Information retrieval in medicine: The electronic medical record as a new domain

Catherine Arnott Smith, PhD

ASIS&T Annual Meeting - 2006 (ASIS&T 2006)
Austin, Texas, November 3-9, 2006


“The medical record is a material form of public memory,” Berg (1996) writes, “a structured distributing and collecting device, where all tasks concerning a patient’s trajectory must begin and end…” [Italics original;

p. 510]. Structured distributing and collecting devices are the natural interest of information science. Unfortunately, of the 130 articles published about medicine in almost 36 years of JASIST, although 70 (54%) deal with information retrieval, communication and the work processes behind them, only 2 of these articles (1.5%) have focused on the medical record.

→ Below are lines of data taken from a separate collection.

(* A point [y] has a neighbourhood [W] sent into [F] only by the elements of a
   compact [K]; the members meeting [W] then come from the finitely many [L]
   meeting [K^-1] and, for each of them, from the finitely many [c] meeting a
   neighbourhood of [yK ∩ F]. *)
Lemma tube_refinement_locally_finite : locally_finite tube_refinement.
Proof.
move=> y; have [W [K [yW cK WK]]] := F_proper_return y.
have [Kn [_ KKn fKn]] := compact_locally_finite (compact_inv tg cK) (fun k _ => Lf_lf k).
have cyK : compact (act y @` K `&` F).
  apply: compact_closedI cF; apply: continuous_compact cK.
  exact/continuous_subspaceT/continuous_act.
have [Yn Yn_lf] : exists Yn : set G -> set X, forall L, Lf L ->
    [/\ open (Yn L), act y @` K `&` F `<=` Yn L & finite_set (meeting (C L) (Yn L))].
  apply: (set_choice_in (P := fun L Y =>
    [/\ open Y, act y @` K `&` F `<=` Y & finite_set (meeting (C L) Y)])).
  by move=> L LfL; apply: compact_locally_finite cyK _ => k [_ Fk]; exact: C_lf.
pose E L := act_set (F `\` Yn L) (inv @^-1` K).
have yE L : Lf L -> nbhs y (~` E L).
  move=> LfL; have [oYn yKYn _] := Yn_lf L LfL.
  apply: open_nbhs_nbhs; split.
    apply/closed_openC/act_set_closed; first by move=> z [].
    - exact: closedI cF (open_closedC oYn).
    - exact: compact_closed hG (compact_inv tg cK).
  move=> [x [Fx nYnx] [h Kih yE]]; apply: nYnx; apply: yKYn; split => //.
  by exists (inv h) => //; rewrite -yE actK.
exists (W `&` [set z | forall L, meeting Lf Kn L -> ~ E L z]).
  apply: filterI yW (filter_forall_finite _ fKn _) => L [LfL _]; exact: yE.
apply: (@sub_finite_set _ _ (\bigcup_(L in meeting Lf Kn)
  \bigcup_(c in meeting (C L) (Yn L)) (fun P => act_set c (L `&` P)) @` Pi L c)).
  move=> _ [[L [c [P [LfL Cc PiP ->]]]] [_ [[x cx [h [Lh Ph] <-]] [Wxh xhE]]]].
  have Fx : F x by have [_] := C_closed LfL Cc; apply.
  have Kih : K (inv h) by apply: WK Wxh _; rewrite actK.
  have KnL : meeting Lf Kn L by split => //; exists h; split => //; exact: KKn.
  exists L => //; exists c; last by exists P.
  split => //; exists x; split => //; apply: contrapT => nYnx.
  by apply: (xhE L KnL); exists x => //; exists h.
apply: bigcup_finite => // L [LfL _]; have [_ _ fYn] := Yn_lf L LfL.
apply: bigcup_finite => // c [Cc _]; have [fPi _ _] := Pi_tube LfL Cc.
exact: finite_image.
Qed.

Lemma tube_refinement_lf_closed :
  lf_closed_refinement U (saturation act F) tube_refinement.
Proof.
split; [exact: tube_refinement_closed | exact: tube_refinement_cover |
  exact: tube_refinement_sub | exact: tube_refinement_locally_finite].
Qed.

End TubeRefinement.

Hypotheses (hX : hausdorff_space X) (pF : paracompact_set F).

Lemma saturation_lf_closed_refinement U : (forall u, U u -> open u) ->
  saturation act F `<=` \bigcup_(u in U) u ->
  exists S, lf_closed_refinement U (saturation act F) S.
Proof.
move=> oU FGU.
have [Lf [Lf_compact Lf_cover Lf_lf]] := locally_compact_group_lf_cover tg hG lcG.
pose N L := [set n | open n /\ exists Pi, tube_cover U L n Pi].
have [C HC] : exists C : set G -> set (set X), forall L, Lf L ->
    lf_closed_refinement (N L) F (C L) /\ forall c, C L c -> c `<=` F.
  apply: (set_choice_in (P := fun L C =>
    lf_closed_refinement (N L) F C /\ forall c, C c -> c `<=` F)) => L LfL.
  apply: (paracompact_closed_refinement hX cF pF) => [n []//|x Fx].
  have [|n [on nx tn]] := @tube_cover_exists U L x (Lf_compact L LfL) oU.
    by move=> _ [g _ <-]; apply: FGU; exists x, g.
  by exists n.
have [Pi HPi] : exists Pi : set G * set X -> set (set G), forall Lc,
    Lf Lc.1 /\ C Lc.1 Lc.2 -> tube_cover U Lc.1 Lc.2 (Pi Lc).
  apply: (set_choice_in (P := fun Lc Pi => tube_cover U Lc.1 Lc.2 Pi)).
  move=> [L c] [/= LfL Cc]; have [[_ _ /(_ c Cc)[n [_ [Pi tn]] cn] _] _] := HC L LfL.
  by exists Pi; exact: tube_coverSl cn tn.
exists (tube_refinement Lf C (fun L c => Pi (L, c))).
apply: tube_refinement_lf_closed => //.
- by move=> L c LfL Cc; have [[clC _ _ _] CF] := HC L LfL; split; [exact: clC | exact: CF].
- by move=> L /HC[[_ FC _ _] _].
- by move=> L /HC[[_ _ _ Clf] _].
- by move=> L c LfL Cc; exact: HPi.
Qed.

End Action.

Theorem corollary2p12 (X G : topologicalType)
    (mul : G -> G -> G) (inv : G -> G) (e : G) (act : X -> G -> X)
    (F : set X) :
  topological_group mul inv e ->
  locally_compact [set: G] -> hausdorff_space G ->
  hausdorff_space X ->
  continuous_right_action mul e act ->
  closed F -> paracompact_set F ->
  F_proper act F ->
  closed (saturation act F) /\ paracompact_set (saturation act F).
Proof.
move=> tg lcG hG hX ca cF pF FP; split; first exact (saturation_closed tg ca cF FP).
refine (paracompact_set_lf_closed_refinement _) => U oU FGU.
exact (saturation_lf_closed_refinement tg ca cF FP hG lcG hX pF oU FGU).
Qed.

The most fundamental function of the medical record, whether paper or electronic, has been to document both the knowledge domains of clinical practice, and the work processes and practices that support and maintain the operation of these domains. The content of electronic health records (EHRs) reflects this multiplicity of needs and audiences. It is a mix of highly structured numeric data and excessively unstructured and idiosyncratic narrative text; increasingly, images are included as well. In fact, any information can be part of the medical record that is relevant for clinical decision making. This data makes its way into the record via voice transcription, data feed from machines, or conversion from paper. The body of existing information retrieval work most relevant to the medical record as a base for experiment is the work called “passage retrieval” defined as “the task of identifying and extracting fragments from large, or short but heterogeneous full text documents” (Melucci, 1998, p. 44).

This paper presents a document-centered approach to the EHR as an information retrieval problem. It is clear that passage retrieval researchers working in the field of information science have seen similar values in document passages as have researchers in medical informatics. Without either literature acknowledging the other, workers in both camps have identified the same potential in document structure, labels, specificity and explicit hierarchies of knowledge for signaling relevance to the reader. The National Health Information Infrastructure Initiative ( identifies academics and researchers as natural stakeholders, like clinicians and caregivers, in enabling better healthcare through better information sharing (National Committee on Vital and Health Statistics, 2003). Information science has much to contribute to the health information technology arena and to electronic health records in particular: their development, their maintenance, and most importantly their improvement to serve the needs of diverse users.